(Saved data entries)
--- START ---
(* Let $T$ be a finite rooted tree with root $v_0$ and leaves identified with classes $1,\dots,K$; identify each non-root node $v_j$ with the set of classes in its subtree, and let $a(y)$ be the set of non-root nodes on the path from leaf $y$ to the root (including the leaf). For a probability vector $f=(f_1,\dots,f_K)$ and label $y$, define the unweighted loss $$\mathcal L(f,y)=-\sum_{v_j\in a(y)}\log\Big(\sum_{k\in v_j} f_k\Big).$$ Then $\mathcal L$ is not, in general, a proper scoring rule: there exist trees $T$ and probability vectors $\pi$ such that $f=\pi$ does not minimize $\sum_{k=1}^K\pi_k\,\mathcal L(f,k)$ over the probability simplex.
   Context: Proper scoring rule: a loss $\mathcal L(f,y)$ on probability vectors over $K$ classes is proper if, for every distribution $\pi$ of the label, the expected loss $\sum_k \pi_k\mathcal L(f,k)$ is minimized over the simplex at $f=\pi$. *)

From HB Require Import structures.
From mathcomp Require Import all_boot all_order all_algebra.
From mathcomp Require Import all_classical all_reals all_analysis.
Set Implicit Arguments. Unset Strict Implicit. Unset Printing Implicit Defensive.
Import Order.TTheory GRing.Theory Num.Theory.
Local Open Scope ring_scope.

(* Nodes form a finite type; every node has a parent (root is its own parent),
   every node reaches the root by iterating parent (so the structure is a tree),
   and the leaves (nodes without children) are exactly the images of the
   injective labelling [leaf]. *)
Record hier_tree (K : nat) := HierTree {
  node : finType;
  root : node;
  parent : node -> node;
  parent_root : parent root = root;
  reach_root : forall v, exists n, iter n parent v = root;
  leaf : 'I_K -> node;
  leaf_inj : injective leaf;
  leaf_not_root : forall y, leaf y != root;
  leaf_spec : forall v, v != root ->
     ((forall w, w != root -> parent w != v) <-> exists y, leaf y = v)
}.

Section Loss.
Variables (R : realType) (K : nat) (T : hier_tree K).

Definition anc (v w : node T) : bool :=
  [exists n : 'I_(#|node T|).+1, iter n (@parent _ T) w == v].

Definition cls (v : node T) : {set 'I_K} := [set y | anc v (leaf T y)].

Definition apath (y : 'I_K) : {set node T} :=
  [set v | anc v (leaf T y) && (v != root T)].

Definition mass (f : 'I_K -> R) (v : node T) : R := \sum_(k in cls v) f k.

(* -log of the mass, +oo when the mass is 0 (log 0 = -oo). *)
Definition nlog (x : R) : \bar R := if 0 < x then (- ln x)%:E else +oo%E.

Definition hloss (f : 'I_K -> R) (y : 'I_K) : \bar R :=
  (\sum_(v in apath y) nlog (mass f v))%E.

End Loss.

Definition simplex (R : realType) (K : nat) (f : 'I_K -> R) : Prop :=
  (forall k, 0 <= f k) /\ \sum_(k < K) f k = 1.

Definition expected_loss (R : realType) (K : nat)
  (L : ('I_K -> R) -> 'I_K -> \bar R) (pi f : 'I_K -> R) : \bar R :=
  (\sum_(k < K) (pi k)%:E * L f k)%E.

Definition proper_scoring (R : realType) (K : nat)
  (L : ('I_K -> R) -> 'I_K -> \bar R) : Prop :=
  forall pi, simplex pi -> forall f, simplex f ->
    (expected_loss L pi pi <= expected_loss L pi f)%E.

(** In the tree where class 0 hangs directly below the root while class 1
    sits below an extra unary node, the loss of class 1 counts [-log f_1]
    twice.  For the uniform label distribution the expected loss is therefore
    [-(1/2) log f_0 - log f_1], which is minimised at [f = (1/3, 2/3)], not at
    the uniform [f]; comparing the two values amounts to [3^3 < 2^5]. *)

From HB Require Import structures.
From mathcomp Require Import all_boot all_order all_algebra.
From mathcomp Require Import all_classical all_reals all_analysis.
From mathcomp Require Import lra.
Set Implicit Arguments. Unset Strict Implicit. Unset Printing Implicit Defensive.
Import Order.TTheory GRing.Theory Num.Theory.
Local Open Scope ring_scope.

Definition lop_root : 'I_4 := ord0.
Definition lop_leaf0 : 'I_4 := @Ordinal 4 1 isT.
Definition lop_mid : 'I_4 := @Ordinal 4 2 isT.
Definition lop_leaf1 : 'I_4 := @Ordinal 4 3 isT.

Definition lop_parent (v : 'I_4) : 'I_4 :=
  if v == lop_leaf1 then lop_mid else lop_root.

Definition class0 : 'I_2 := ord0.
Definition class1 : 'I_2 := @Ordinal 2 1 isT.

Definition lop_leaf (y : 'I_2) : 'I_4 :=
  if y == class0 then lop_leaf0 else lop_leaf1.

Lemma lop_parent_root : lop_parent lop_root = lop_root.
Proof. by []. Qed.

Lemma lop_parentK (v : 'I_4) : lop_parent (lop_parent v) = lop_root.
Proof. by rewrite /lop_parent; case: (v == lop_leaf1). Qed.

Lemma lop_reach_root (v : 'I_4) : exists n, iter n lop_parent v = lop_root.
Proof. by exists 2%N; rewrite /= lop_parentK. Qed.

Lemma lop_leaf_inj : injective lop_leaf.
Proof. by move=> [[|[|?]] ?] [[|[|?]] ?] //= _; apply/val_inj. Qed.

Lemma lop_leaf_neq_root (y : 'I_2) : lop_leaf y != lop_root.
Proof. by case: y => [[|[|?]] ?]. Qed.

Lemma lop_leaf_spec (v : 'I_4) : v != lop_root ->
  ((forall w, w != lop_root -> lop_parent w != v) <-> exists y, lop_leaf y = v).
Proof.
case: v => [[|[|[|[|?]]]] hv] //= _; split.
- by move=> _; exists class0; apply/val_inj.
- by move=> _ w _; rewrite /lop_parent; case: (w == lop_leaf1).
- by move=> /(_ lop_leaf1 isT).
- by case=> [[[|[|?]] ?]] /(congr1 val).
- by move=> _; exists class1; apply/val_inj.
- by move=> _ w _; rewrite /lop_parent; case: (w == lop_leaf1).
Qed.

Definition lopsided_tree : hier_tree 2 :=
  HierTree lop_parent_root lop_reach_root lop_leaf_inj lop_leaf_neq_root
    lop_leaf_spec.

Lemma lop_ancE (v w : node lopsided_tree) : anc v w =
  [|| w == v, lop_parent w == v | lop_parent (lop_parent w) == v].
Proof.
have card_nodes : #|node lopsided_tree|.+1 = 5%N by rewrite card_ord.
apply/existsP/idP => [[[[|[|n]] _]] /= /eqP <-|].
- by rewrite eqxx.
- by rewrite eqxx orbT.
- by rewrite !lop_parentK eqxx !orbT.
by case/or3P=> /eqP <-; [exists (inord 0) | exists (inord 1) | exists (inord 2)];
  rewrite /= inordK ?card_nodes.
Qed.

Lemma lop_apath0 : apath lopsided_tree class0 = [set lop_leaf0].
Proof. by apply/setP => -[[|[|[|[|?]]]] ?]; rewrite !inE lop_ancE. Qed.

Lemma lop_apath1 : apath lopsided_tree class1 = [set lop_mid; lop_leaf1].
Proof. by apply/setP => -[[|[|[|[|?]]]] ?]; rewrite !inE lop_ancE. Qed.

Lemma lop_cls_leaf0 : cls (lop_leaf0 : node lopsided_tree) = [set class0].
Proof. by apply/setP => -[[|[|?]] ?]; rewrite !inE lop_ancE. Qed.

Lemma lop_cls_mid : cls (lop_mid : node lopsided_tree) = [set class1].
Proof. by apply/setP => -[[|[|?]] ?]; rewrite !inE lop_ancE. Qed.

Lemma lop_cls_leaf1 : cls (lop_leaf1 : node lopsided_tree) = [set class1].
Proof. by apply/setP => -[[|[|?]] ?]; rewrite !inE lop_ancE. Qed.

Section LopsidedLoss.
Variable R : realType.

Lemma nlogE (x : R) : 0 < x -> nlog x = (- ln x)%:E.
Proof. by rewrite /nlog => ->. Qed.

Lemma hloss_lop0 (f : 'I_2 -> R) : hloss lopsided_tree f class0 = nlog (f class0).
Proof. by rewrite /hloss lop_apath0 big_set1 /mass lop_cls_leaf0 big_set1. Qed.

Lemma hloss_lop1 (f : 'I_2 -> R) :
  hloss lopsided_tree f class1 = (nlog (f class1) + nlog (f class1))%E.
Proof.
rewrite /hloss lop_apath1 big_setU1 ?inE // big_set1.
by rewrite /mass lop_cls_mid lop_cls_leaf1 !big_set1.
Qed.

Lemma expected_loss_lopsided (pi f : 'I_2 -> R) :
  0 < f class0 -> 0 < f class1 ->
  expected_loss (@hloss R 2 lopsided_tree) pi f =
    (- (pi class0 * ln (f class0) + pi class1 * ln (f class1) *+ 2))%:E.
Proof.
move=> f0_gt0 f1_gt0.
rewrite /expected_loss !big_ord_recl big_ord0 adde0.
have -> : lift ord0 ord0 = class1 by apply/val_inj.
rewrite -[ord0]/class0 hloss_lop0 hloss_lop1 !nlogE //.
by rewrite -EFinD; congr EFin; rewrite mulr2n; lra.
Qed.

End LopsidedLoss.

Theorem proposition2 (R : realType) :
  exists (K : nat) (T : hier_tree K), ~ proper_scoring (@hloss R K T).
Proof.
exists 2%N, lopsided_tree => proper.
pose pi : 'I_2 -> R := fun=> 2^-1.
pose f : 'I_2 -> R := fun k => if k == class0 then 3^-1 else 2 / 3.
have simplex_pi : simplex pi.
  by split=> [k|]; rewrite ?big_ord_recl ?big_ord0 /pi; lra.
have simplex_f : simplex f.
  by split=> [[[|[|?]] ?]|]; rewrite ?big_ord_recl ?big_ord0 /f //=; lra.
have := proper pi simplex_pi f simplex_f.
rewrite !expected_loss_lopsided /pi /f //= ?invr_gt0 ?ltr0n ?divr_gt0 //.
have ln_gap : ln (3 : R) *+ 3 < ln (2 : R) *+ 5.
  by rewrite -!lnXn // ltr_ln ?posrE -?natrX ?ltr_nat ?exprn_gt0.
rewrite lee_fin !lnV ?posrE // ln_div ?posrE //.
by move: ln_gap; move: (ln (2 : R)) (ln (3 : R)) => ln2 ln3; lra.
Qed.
--- END ---
■ Task details ■
Beginning at the line that contains "Variable R : realType.", reproduce every line down to the last line of the entries above, exactly and only those.

■ Your response ■
Variable R : realType.

Lemma nlogE (x : R) : 0 < x -> nlog x = (- ln x)%:E.
Proof. by rewrite /nlog => ->. Qed.

Lemma hloss_lop0 (f : 'I_2 -> R) : hloss lopsided_tree f class0 = nlog (f class0).
Proof. by rewrite /hloss lop_apath0 big_set1 /mass lop_cls_leaf0 big_set1. Qed.

Lemma hloss_lop1 (f : 'I_2 -> R) :
  hloss lopsided_tree f class1 = (nlog (f class1) + nlog (f class1))%E.
Proof.
rewrite /hloss lop_apath1 big_setU1 ?inE // big_set1.
by rewrite /mass lop_cls_mid lop_cls_leaf1 !big_set1.
Qed.

Lemma expected_loss_lopsided (pi f : 'I_2 -> R) :
  0 < f class0 -> 0 < f class1 ->
  expected_loss (@hloss R 2 lopsided_tree) pi f =
    (- (pi class0 * ln (f class0) + pi class1 * ln (f class1) *+ 2))%:E.
Proof.
move=> f0_gt0 f1_gt0.
rewrite /expected_loss !big_ord_recl big_ord0 adde0.
have -> : lift ord0 ord0 = class1 by apply/val_inj.
rewrite -[ord0]/class0 hloss_lop0 hloss_lop1 !nlogE //.
by rewrite -EFinD; congr EFin; rewrite mulr2n; lra.
Qed.

End LopsidedLoss.

Theorem proposition2 (R : realType) :
  exists (K : nat) (T : hier_tree K), ~ proper_scoring (@hloss R K T).
Proof.
exists 2%N, lopsided_tree => proper.
pose pi : 'I_2 -> R := fun=> 2^-1.
pose f : 'I_2 -> R := fun k => if k == class0 then 3^-1 else 2 / 3.
have simplex_pi : simplex pi.
  by split=> [k|]; rewrite ?big_ord_recl ?big_ord0 /pi; lra.
have simplex_f : simplex f.
  by split=> [[[|[|?]] ?]|]; rewrite ?big_ord_recl ?big_ord0 /f //=; lra.
have := proper pi simplex_pi f simplex_f.
rewrite !expected_loss_lopsided /pi /f //= ?invr_gt0 ?ltr0n ?divr_gt0 //.
have ln_gap : ln (3 : R) *+ 3 < ln (2 : R) *+ 5.
  by rewrite -!lnXn // ltr_ln ?posrE -?natrX ?ltr_nat ?exprn_gt0.
rewrite lee_fin !lnV ?posrE // ln_div ?posrE //.
by move: ln_gap; move: (ln (2 : R)) (ln (3 : R)) => ln2 ln3; lra.
Qed.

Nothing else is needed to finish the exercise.